Le dessin pour faire tomber les murs. Les lauréats face à Jean Plantu.

L’impatience est palpable dans la grande salle de l’Escandille. Nos curiosités salivent. Nous, lauréats de l’Institut de l’Engagement sommes sur le point rencontrer un maître du dessin de presse, un rêveur qui a fait du crayon une arme de paix. Le voilà qu’il entre dans cette salle comble, Jean Plantu. Tonnerre d’applaudissement.

Tablette en main, il débute son intervention en nous expliquant que « tout le monde peut dessiner », caricaturant sous nos yeux curieux le visage de François Hollande. Des petites formes accessibles à tous pour un résultat indiscutable. Puis une petite souris à l’air facétieux dont il nous explique l’origine : un moyen de conclure une lettre importante, parce que le dessin en dit parfois plus que les mots.

« Cartooning for peace ». Un combat pour la liberté d’expression, vecteur de paix, la conviction que tout peut se régler par la discussion, et que les armes sont vaines, que d’autres chemins sont possibles. Avec Isis Ascobereta également présente à la conférence, il soutient les dessinateurs du monde entier, réprimés car le dessin est résistance, conduisant à la prison dans certains pays du globe. « On fait des ponts là où d’autres essaient de faire des fractures ». Cette phrase qu’il répète deux fois résonne si fort dans la bouche de celui qui est parvenu à faire dessiner sur un même morceau de papier Yasser Arafat et Shimon Peres, un an avant les accords d’Oslo. Le crayon, l’arme qui peut désarmer.

 

En pleine interaction avec un public avide d’en savoir toujours plus, il montre, il explique, il raconte, de digressions en digressions toujours passionnantes. Il dessine aussi, pour expliquer comment on peut résister au formatage des médias en écoutant son cœur. Il circule dans le public, nous regarde de ses yeux gourmands, affirmant : « vous n’imaginez pas ce que vous dites par ce que vous êtes ». Sur les médias, il nous dit qu’il faut « foutre la pagaille », dans la politique aussi. Il faut que les médias soient plus représentatifs de la réalité, se refusant à montrer seulement ce qui va mal. Lorsqu’une lauréate lui demande un dessin pour l’Institut, il la nomme « rédactrice en chef », l’invite auprès de lui et se lance, sur les propositions de la salle, dans la création d’un logo pour l’Institut.

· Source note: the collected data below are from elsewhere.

(* Let $U\le B$ be positive integers, $P>0$, $\mathbf{H}\in\mathbb{C}^{U\times B}$, and $\mathbf{s}\in\mathbb{C}^U$ with $\mathbf{s}\neq\mathbf{0}$. Set $$\mathbf{Q}=\mathbf{I}_U-\frac{\mathbf{s}\mathbf{s}^H}{\|\mathbf{s}\|_2^2},\qquad \mathbf{A}=\mathbf{Q}\mathbf{H}\in\mathbb{C}^{U\times B},$$ and let $\ell=\sqrt{P/(2B)}$ and $$\mathcal{B}^B=\{\mathbf{c}\in\mathbb{C}^B:\ |\mathrm{Re}\{c_b\}|\le \ell,\ |\mathrm{Im}\{c_b\}|\le \ell,\ b=1,\dots,B\}.$$ Fix parameters $0<\delta<\gamma$. Consider the problem (BCR$^*$) $$\min_{\mathbf{x}\in\mathcal{B}^B,\ \mathbf{z}\in\mathbb{C}^B}\ E(\mathbf{z},\mathbf{x}),\qquad E(\mathbf{z},\mathbf{x})=\|\mathbf{A}\mathbf{z}\|_2^2+\gamma\|\mathbf{z}-\mathbf{x}\|_2^2-\delta\|\mathbf{x}\|_2^2 .$$ Define the sequence (algorithm C1PO) by $\mathbf{x}^{(1)}=\mathbf{H}^H\mathbf{s}$ and, for $t=1,2,\dots$, $$\mathbf{z}^{(t+1)}=(\mathbf{I}_B+\gamma^{-1}\mathbf{A}^H\mathbf{A})^{-1}\mathbf{x}^{(t)},\qquad \mathbf{x}^{(t+1)}=\mathrm{proj}(\mathbf{z}^{(t+1)}),$$ where $\mathrm{proj}$ acts entrywise as $$\mathrm{proj}(z)=\mathrm{sgn}(\mathrm{Re}\{z\})\min\Big\{\tfrac{\gamma}{\gamma-\delta}|\mathrm{Re}\{z\}|,\ \ell\Big\}+j\,\mathrm{sgn}(\mathrm{Im}\{z\})\min\Big\{\tfrac{\gamma}{\gamma-\delta}|\mathrm{Im}\{z\}|,\ \ell\Big\}.$$ Then any limit point of the sequence $\{(\mathbf{x}^{(t)},\mathbf{z}^{(t)})\}$ is a stationary point of (BCR$^*$).
   Context: $\mathrm{sgn}(a)=+1$ for $a\ge 0$ and $-1$ for $a<0$; $j$ is the imaginary unit. Complex vectors are identified with real vectors of twice the dimension (real and imaginary parts), with real inner product $\mathrm{Re}\{\mathbf{u}^H\mathbf{v}\}$. A stationary point of (BCR$^*$) is a pair $(\mathbf{z}^\star,\mathbf{x}^\star)$ with $\mathbf{x}^\star\in\mathcal{B}^B$ satisfying the first-order optimality conditions: the gradient of $E$ with respect to $\mathbf{z}$ vanishes at $(\mathbf{z}^\star,\mathbf{x}^\star)$, and the negative gradient of $E$ with respect to $\mathbf{x}$ at $(\mathbf{z}^\star,\mathbf{x}^\star)$ lies in the normal cone of the convex set $\mathcal{B}^B$ at $\mathbf{x}^\star$. *)

From mathcomp Require Import all_boot all_order all_algebra.
From mathcomp Require Import reals normedtype derive.
From mathcomp Require Export complex.
Set Implicit Arguments. Unset Strict Implicit. Unset Printing Implicit Defensive.
Import Order.TTheory GRing.Theory Num.Theory numFieldNormedType.Exports.
Local Open Scope ring_scope.
Local Open Scope complex_scope.

Section C1PO.
Variable R : realType.
Local Notation C := R[i].

Definition adj m n (M : 'M[C]_(m, n)) : 'M[C]_(n, m) := (map_mx conjc M)^T.

Definition rinner n (u v : 'cV[C]_n) : R := complex.Re ((adj u *m v) 0 0).

Definition sqnorm n (v : 'cV[C]_n) : R := rinner v v.
Lemma sp_equiv_rot m n q (A B : spmx F m n q) :
  sp_equiv A B -> sp_equiv (sp_rot A) (sp_rot B).
Proof.
move=> /sp_equivP[R [S [T [uR uS uT ->]]]].
by apply/sp_equivP; exists T, R, S; rewrite sp_rot_mul.
Qed.

Lemma slices1_mul1 m n q R (A : spmx F m n q) :
  slices1 (sp_mul1 R A) = R^T *m slices1 A.
Proof.
apply/matrixP => i' v; case/mxvec_indexP: v => j k.
rewrite !mxE mxvecE mxE; apply: eq_bigr => i _.
by rewrite !mxE mxvecE mxE mulrC.
Qed.

Lemma slices1_mul2 m n q S (A : spmx F m n q) :
  slices1 (sp_mul2 S A) = slices1 A *m lin_mx (mulmx S^T).
Proof.
apply/row_matrixP => i; rewrite row_mul !rowK mul_vec_lin; congr mxvec.
apply/matrixP => j' k; rewrite !mxE; apply: eq_bigr => j _.
by rewrite !mxE mulrC.
Qed.

Lemma slices1_mul3 m n q T (A : spmx F m n q) :
  slices1 (sp_mul3 T A) = slices1 A *m lin_mx (mulmxr T).
Proof.
apply/row_matrixP => i; rewrite row_mul !rowK mul_vec_lin; congr mxvec.
by apply/matrixP => j k'; rewrite !mxE; apply: eq_bigr => k _; rewrite !mxE.
Qed.

Lemma rank_slices1_mul m n q R S T (A : spmx F m n q) :
  (\rank (slices1 (sp_mul R S T A)) <= \rank (slices1 A))%N.
Proof.
rewrite slices1_mul1 (leq_trans (mxrankM_maxr _ _)) // slices1_mul2.
by rewrite (leq_trans (mxrankM_maxl _ _)) // slices1_mul3 mxrankM_maxl.
Qed.

Lemma rank_slices1_equiv m n q (A B : spmx F m n q) :
  sp_equiv A B -> \rank (slices1 A) = \rank (slices1 B).
Proof.
have rank_le (X Y : spmx F m n q) : sp_equiv X Y -> (\rank (slices1 Y) <= \rank (slices1 X))%N.
  by case/sp_equivP=> R [S [T [_ _ _ ->]]]; apply: rank_slices1_mul.
by move=> eqAB; apply/eqP; rewrite eqn_leq !rank_le //; apply: sp_equiv_sym.
Qed.

Lemma sprank_equiv m n q (A B : spmx F m n q) :
  sp_equiv A B -> sprank A = sprank B.
Proof.
move=> eqAB; rewrite /sprank (rank_slices1_equiv eqAB).
rewrite (rank_slices1_equiv (sp_equiv_swap eqAB)).
by rewrite (rank_slices1_equiv (sp_equiv_rot eqAB)).
Qed.

Lemma split_lshift a b (i : 'I_a) : split (lshift b i) = inl i.
Proof. exact: (unsplitK (inl i)). Qed.

Lemma split_rshift a b (i : 'I_b) : split (rshift a i) = inr i.
Proof. exact: (unsplitK (inr i)). Qed.

Section ZeroPadding.
Variables r1 r2 r3 p1 p2 p3 : nat.
Local Notation pad X := (sp_dsum X (@sp_zero F p1 p2 p3)).

Lemma sp_dsum0_lshift (X : spmx F r1 r2 r3) i j k :
  pad X (lshift p1 i) (lshift p2 j) (lshift p3 k) = X i j k.
Proof. by rewrite /sp_dsum !split_lshift. Qed.

Lemma sp_dsum0_rshift1 (X : spmx F r1 r2 r3) i j k : pad X (rshift r1 i) j k = 0.
Proof. by rewrite /sp_dsum split_rshift; case: (split j) => ?; case: (split k). Qed.

Lemma sp_dsum0_rshift2 (X : spmx F r1 r2 r3) i j k : pad X i (rshift r2 j) k = 0.
Proof. by rewrite /sp_dsum split_rshift; case: (split i) => ?; case: (split k). Qed.

Lemma sp_dsum0_rshift3 (X : spmx F r1 r2 r3) i j k : pad X i j (rshift r3 k) = 0.
Proof. by rewrite /sp_dsum split_rshift; case: (split i) => ?; case: (split j). Qed.

Lemma sp_dsum0_inj (X Y : spmx F r1 r2 r3) : pad X = pad Y -> X = Y.
Proof.
move=> eqXY; apply: spmxP => i j k.
by rewrite -[LHS]sp_dsum0_lshift -sp_dsum0_lshift eqXY.
Qed.

Lemma sp_mul1_dsum0 (R : 'M[F]_(r1 + p1)) (X : spmx F r1 r2 r3) :
  ursubmx R = 0 -> sp_mul1 R (pad X) = pad (sp_mul1 (ulsubmx R) X).
Proof.
move=> urR0; apply: spmxP => i' j k; rewrite /sp_mul1 big_split_ord /=.
rewrite [X in _ + X]big1 ?addr0 => [|i _]; last by rewrite sp_dsum0_rshift1 mul0r.
case: (split_ordP i') => i0 ->.
- case: (split_ordP j) => j0 ->; last first.
    by rewrite sp_dsum0_rshift2 big1 // => i _; rewrite sp_dsum0_rshift2 mul0r.
  case: (split_ordP k) => k0 ->; last first.
    by rewrite sp_dsum0_rshift3 big1 // => i _; rewrite sp_dsum0_rshift3 mul0r.
  by rewrite sp_dsum0_lshift; apply: eq_bigr => i _; rewrite sp_dsum0_lshift !mxE.
- rewrite sp_dsum0_rshift1 big1 // => i _.
  have := congr1 (fun M : 'M_(r1, p1) => M i i0) urR0.
  by rewrite !mxE => ->; rewrite mulr0.
Qed.

End ZeroPadding.

Lemma sp_swap_dsum0 r1 r2 r3 p1 p2 p3 (X : spmx F r1 r2 r3) :
  sp_swap (sp_dsum X (@sp_zero F p1 p2 p3)) = sp_dsum (sp_swap X) (@sp_zero F p2 p1 p3).
Proof.
apply: spmxP => j i k.
by rewrite /sp_swap /sp_dsum; case: (split i) => ?; case: (split j) => ?; case: (split k).
Qed.

Lemma sp_rot_dsum0 r1 r2 r3 p1 p2 p3 (X : spmx F r1 r2 r3) :
  sp_rot (sp_dsum X (@sp_zero F p1 p2 p3)) = sp_dsum (sp_rot X) (@sp_zero F p3 p1 p2).
Proof.
apply: spmxP => k i j.
by rewrite /sp_rot /sp_dsum; case: (split i) => ?; case: (split j) => ?; case: (split k).
Qed.

Lemma sp_mul2_dsum0 r1 r2 r3 p1 p2 p3 (S : 'M[F]_(r2 + p2)) (X : spmx F r1 r2 r3) :
  ursubmx S = 0 -> sp_mul2 S (sp_dsum X (@sp_zero F p1 p2 p3)) =
                   sp_dsum (sp_mul2 (ulsubmx S) X) (@sp_zero F p1 p2 p3).
Proof. by move=> urS0; rewrite /sp_mul2 sp_swap_dsum0 sp_mul1_dsum0 // sp_swap_dsum0. Qed.

Lemma sp_mul3_dsum0 r1 r2 r3 p1 p2 p3 (T : 'M[F]_(r3 + p3)) (X : spmx F r1 r2 r3) :
  ursubmx T = 0 -> sp_mul3 T (sp_dsum X (@sp_zero F p1 p2 p3)) =
                   sp_dsum (sp_mul3 (ulsubmx T) X) (@sp_zero F p1 p2 p3).
Proof. by move=> urT0; rewrite /sp_mul3 sp_rot_dsum0 sp_mul1_dsum0 // !sp_rot_dsum0. Qed.

Lemma sp_mul_dsum0 r1 r2 r3 p1 p2 p3 R S T (X : spmx F r1 r2 r3) :
  ursubmx R = 0 -> ursubmx S = 0 -> ursubmx T = 0 ->
  sp_mul R S T (sp_dsum X (@sp_zero F p1 p2 p3)) =
  sp_dsum (sp_mul (ulsubmx R) (ulsubmx S) (ulsubmx T) X) (@sp_zero F p1 p2 p3).
Proof.
by move=> urR0 urS0 urT0; rewrite /sp_mul sp_mul3_dsum0 // sp_mul2_dsum0 // sp_mul1_dsum0.
Qed.

Lemma row_free_slices1_eq0 m n q (X : spmx F m n q) (c : 'rV[F]_m) :
  row_free (slices1 X) -> (forall j k, \sum_i c 0 i * X i j k = 0) -> c = 0.
Proof.
move=> freeX c0; apply/eqP; rewrite -(mulmx_free_eq0 _ freeX).
apply/eqP/matrixP => z v; case/mxvec_indexP: v => j k.
rewrite ord1 !mxE -[RHS](c0 j k); apply: eq_bigr => i _.
by rewrite !mxE mxvecE mxE.
Qed.

Lemma ursubmx_eq0_dsum0 r1 r2 r3 p1 p2 p3 R S T (X Y : spmx F r1 r2 r3) :
  row_free (slices1 X) -> S \in unitmx -> T \in unitmx ->
  sp_mul R S T (sp_dsum X (@sp_zero F p1 p2 p3)) = sp_dsum Y (@sp_zero F p1 p2 p3) ->
  ursubmx R = 0.
Proof.
move=> freeX uS uT eqXY.
have := congr1 (sp_mul 1%:M (invmx S) (invmx T)) eqXY.
rewrite sp_mulM mulmx1 !mulmxV // /sp_mul sp_mul3_1 sp_mul2_1 sp_mul1_1 => mul1E.
apply/matrixP => i i''; rewrite !mxE.
pose c := \row_i R (lshift p1 i) (rshift r1 i'').
suff /rowP/(_ i) : c = 0 by rewrite !mxE.
apply: (row_free_slices1_eq0 freeX) => j k.
have := congr1 (fun Z => Z (rshift r1 i'') (lshift p2 j) (lshift p3 k)) mul1E.
rewrite /= {1}/sp_mul1 big_split_ord /= [X in _ + X]big1 ?addr0 => [|i' _]; last first.
  by rewrite sp_dsum0_rshift1 mul0r.
rewrite /sp_mul2 /sp_mul3 /sp_swap /sp_rot /sp_mul1 [RHS]big1 => [sum0|j' _]; last first.
  by rewrite big1 ?mul0r // => k' _; rewrite sp_dsum0_rshift1 mul0r.
apply: etrans sum0; apply: eq_bigr => i' _.
by rewrite sp_dsum0_lshift mxE mulrC.
Qed.

Lemma unitmx_ulsubmx a b (R : 'M[F]_(a + b)) :
  R \in unitmx -> ursubmx R = 0 -> ulsubmx R \in unitmx.
Proof.
move=> uR urR0; move: uR.
by rewrite -{1}[R]submxK urR0 !unitmxE det_lblock unitrM => /andP[].
Qed.

Lemma sp_equiv_dsum0 r1 r2 r3 p1 p2 p3 (X Y : spmx F r1 r2 r3) :
  sp_regular X ->
  sp_equiv (sp_dsum X (@sp_zero F p1 p2 p3)) (sp_dsum Y (@sp_zero F p1 p2 p3)) <->
  sp_equiv X Y.
Proof.
rewrite /sp_regular /sprank => -[rk1 rk2 rk3]; split; last first.
  move=> /sp_equivP[R [S [T [uR uS uT ->]]]]; apply/sp_equivP.
  exists (block_mx R 0 0 1%:M), (block_mx S 0 0 1%:M), (block_mx T 0 0 1%:M).
  by rewrite !block_diag_mx_unit uR uS uT !unitmx1 sp_mul_dsum0 ?block_mxKur // !block_mxKul.
move=> /sp_equivP[R [S [T [uR uS uT eqY]]]].
have urR0 : ursubmx R = 0.
  by apply: ursubmx_eq0_dsum0 uS uT (esym eqY); apply/eqP.
have urS0 : ursubmx S = 0.
  have := congr1 (@sp_swap _ _ _) eqY; rewrite sp_swap_mul !sp_swap_dsum0 => eqY'.
  by apply: ursubmx_eq0_dsum0 _ uR uT (esym eqY'); apply/eqP.
have urT0 : ursubmx T = 0.
  have := congr1 (@sp_rot _ _ _) eqY; rewrite sp_rot_mul !sp_rot_dsum0 => eqY'.
  by apply: ursubmx_eq0_dsum0 _ uR uS (esym eqY'); apply/eqP.
apply/sp_equivP; exists (ulsubmx R), (ulsubmx S), (ulsubmx T).
rewrite !unitmx_ulsubmx //; split=> //.
by apply: (sp_dsum0_inj (p1 := p1) (p2 := p2) (p3 := p3)); rewrite eqY sp_mul_dsum0.
Qed.

Lemma sp_cast_id m n q (e1 : m = m) (e2 : n = n) (e3 : q = q) (X : spmx F m n q) :
  sp_cast e1 e2 e3 X = X.
Proof. by apply: spmxP => i j k; rewrite /sp_cast !cast_ord_id. Qed.

Lemma sp_equiv_cast m n q m' n' q' (e1 : m = m') (e2 : n = n') (e3 : q = q')
  (X Y : spmx F m n q) :
  sp_equiv (sp_cast e1 e2 e3 X) (sp_cast e1 e2 e3 Y) <-> sp_equiv X Y.
Proof. by case: m' / e1; case: n' / e2; case: q' / e3; rewrite !sp_cast_id. Qed.

Lemma regular_part_equiv m n q r1 r2 r3 (A B : spmx F m n q) (A' B' : spmx F r1 r2 r3) :
  regular_part A A' -> regular_part B B' -> sp_equiv A B <-> sp_equiv A' B'.
Proof.
move=> [_ regA' [e1 [e2 [e3 eqA]]]] [_ _ [f1 [f2 [f3 eqB]]]].
rewrite (eq_irrelevance f1 e1) (eq_irrelevance f2 e2) (eq_irrelevance f3 e3) in eqB.
apply: iff_trans (sp_equiv_iff eqA eqB) _.
apply: iff_trans (sp_equiv_cast e1 e2 e3 _ _) _.
exact: sp_equiv_dsum0.
Qed.

End SpatialEquivalence.
(** Pointwise Gibbs inequality: for [0 <= q <= min(a, b)],
    [eta q <= - q ln a - q ln b + (a b - q)]; it follows from [ln y <= y - 1]
    at [y = a b / q]. *)
Lemma eta_gibbs_pointwise q a b : 0 <= q -> q <= a -> q <= b ->
  eta q <= - q * ln a - q * ln b + (a * b - q).
Proof.
  intros Hq Ha Hb. rewrite eta_eq. destruct (Req_dec q 0) as [->|Hq0].
  - assert (0 <= a * b) by (apply Rmult_le_pos; lra). lra.
  - assert (Hy : 0 < a * b * / q)
      by (apply Rdiv_lt_0_compat; [apply Rmult_lt_0_compat|]; lra).
    pose proof (ln_le_sub1 _ Hy) as L.
    rewrite ln_mult, ln_mult, ln_Rinv in L; try lra;
      [| apply Rmult_lt_0_compat; lra | apply Rinv_0_lt_compat; lra].
    apply Rmult_le_compat_l with (r := q) in L; [|lra].
    replace (q * (a * b * / q - 1)) with (a * b - q) in L by (field; lra). lra.
Qed.

Lemma joint_entropy_le {A B : Type} (QA : list A) (QB : list B)
  (q : A -> B -> R) (a : A -> R) (b : B -> R) :
  (forall x y, In x QA -> In y QB -> 0 <= q x y) ->
  (forall x, In x QA -> sumL QB (q x) = a x) ->
  (forall y, In y QB -> sumL QA (fun x => q x y) = b y) ->
  sumL QA a = 1 -> sumL QB b = 1 ->
  sumL QA (fun x => sumL QB (fun y => eta (q x y))) <=
  sumL QA (fun x => eta (a x)) + sumL QB (fun y => eta (b y)).
Proof.
  intros Hpos Ha Hb Sa Sb.
  assert (Hqa : forall x y, In x QA -> In y QB -> q x y <= a x)
    by (intros x y Hx Hy; rewrite <- Ha by auto; apply sumL_term_le; auto).
  assert (Hqb : forall x y, In x QA -> In y QB -> q x y <= b y)
    by (intros x y Hx Hy; rewrite <- Hb by auto; apply (sumL_term_le QA (fun x => q x y)); auto).
  eapply Rle_trans.
  { apply sumL_le; intros x Hx. apply sumL_le; intros y Hy.
    apply (eta_gibbs_pointwise _ (a x) (b y)); auto. }
  assert (Ea : forall x, In x QA -> sumL QB (fun y => - q x y * ln (a x)) = eta (a x)).
  { intros x Hx. rewrite eta_eq, (sumL_ext _ _ (fun y => - ln (a x) * q x y)) by (intros; ring).
    rewrite sumL_scal, Ha by auto. ring. }
  assert (Eb : sumL QA (fun x => sumL QB (fun y => - q x y * ln (b y))) =
               sumL QB (fun y => eta (b y))).
  { rewrite sumL_swap. apply sumL_ext; intros y Hy.
    rewrite eta_eq, (sumL_ext _ _ (fun x => - ln (b y) * q x y)) by (intros; ring).
    rewrite sumL_scal, Hb by auto. ring. }
  assert (Ec : forall x, In x QA -> sumL QB (fun y => a x * b y - q x y) = 0).
  { intros x Hx. rewrite sumL_minus, sumL_scal, Sb, Ha by auto. ring. }
  rewrite (sumL_ext QA _ (fun x => sumL QB (fun y => - q x y * ln (a x)) +
             sumL QB (fun y => - q x y * ln (b y)) + sumL QB (fun y => a x * b y - q x y)))
    by (intros; rewrite <- !sumL_plus; apply sumL_ext; intros; ring).
  rewrite !sumL_plus, Eb, (sumL_ext QA _ (fun x => eta (a x))) by exact Ea.
  rewrite (sumL_ext QA (fun x => sumL QB (fun y => a x * b y - q x y)) (fun _ => 0))
    by exact Ec. rewrite sumL_zero. lra.
Qed.
(* Let $\tau$ be a counterclockwise permutation for monotone non-identical linear functions $f_1,\dots,f_n$. Then the cyclic sequence $(f^{\tau_0},\dots,f^{\tau_{n-1}})$ is strictly unimodal. Moreover, if $f_1,\dots,f_n$ are neither colinear nor potentially identical, then for every $k\in\{0,\dots,n-1\}$ (indices mod $n$, with $\tau_n=\tau_0$), $f^{\tau_k}=f^{\tau_{k+1}}$ implies exactly one of: (i) $f^{\tau_k}=f^{\tau_{k+1}}=\min_{0\le i<n}f^{\tau_i}$ and $\theta(f_{\tau(k+1)})+\pi=_{2\pi}\theta(f^{\tau_k})$; (ii) $f^{\tau_k}=f^{\tau_{k+1}}=\max_{0\le i<n}f^{\tau_i}$ and $\theta(f_{\tau(k+1)})=_{2\pi}\theta(f^{\tau_k})$.
   Context: A linear function is $f(x)=ax+b$; monotone means $a>0$; identical means $f(x)=x$. $\vec f=(b,1-a)^\top$ and $\theta(f)\in[0,2\pi)$ is its polar angle ($\bot$ if $\vec f=0$); $\theta_1=_{2\pi}\theta_2$ means $\theta_1-\theta_2\in2\pi\mathbb{Z}$. For a permutation $\sigma$ of $[n]$, $f^\sigma=f_{\sigma(n)}\circ\cdots\circ f_{\sigma(1)}$; these composites are totally ordered pointwise. $\sigma$ is counterclockwise if, after discarding positions with identical $f_{\sigma(i)}$, there is $k$ with $\theta(f_{\sigma(k)})\le\cdots\le\theta(f_{\sigma(n)})\le\theta(f_{\sigma(1)})\le\cdots\le\theta(f_{\sigma(k-1)})$. $f_1,\dots,f_n$ are colinear if some $\lambda$ satisfies $\theta(f_i)\in\{\lambda,\lambda+\pi\}+2\pi\mathbb{Z}$ or $\theta(f_i)=\bot$ for all $i$, and potentially identical if $f^\sigma(x)=x$ for some counterclockwise $\sigma$. The $k$-shift is $\tau_k(i)=\tau(i+k)$ for $i\le n-k$, $\tau_k(i)=\tau(i+k-n)$ otherwise. A cyclic sequence $(x_0,\dots,x_{n-1})$ is unimodal if there are $k,\ell$ with $x_k\le x_{k+1}\le\cdots\le x_\ell\ge x_{\ell+1}\ge\cdots\ge x_{k-1}\ge x_k$ (indices mod $n$); it is strictly unimodal if it is unimodal and whenever $x_j=x_{j+1}$ this common value is the minimum or the maximum of the sequence. *)

From Stdlib Require Import Reals Lra Lia ZArith Arith ClassicalEpsilon.
Open Scope R_scope.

Puis les questions se poursuivent. Quelqu’un lui demande si l’idée que le dessin peut changer les choses n’est pas utopique. En réponse, il nous explique que, lorsque Yasser Arafat l’a salué après qu’il est sorti de sa « voiture pourrie », il a fait « comme si », comme s’il était le célèbre Plantu. « Quand on fait comme si, ça ouvre toutes les portes » lance-t-il à la salle suspendue à ses lèvres. Il nous invite à changer le monde : « Par votre énergie, par votre force, vous allez voir des murs qui vont tomber ».

C’est promis monsieur Plantu, les murs, on les fera tomber un par un.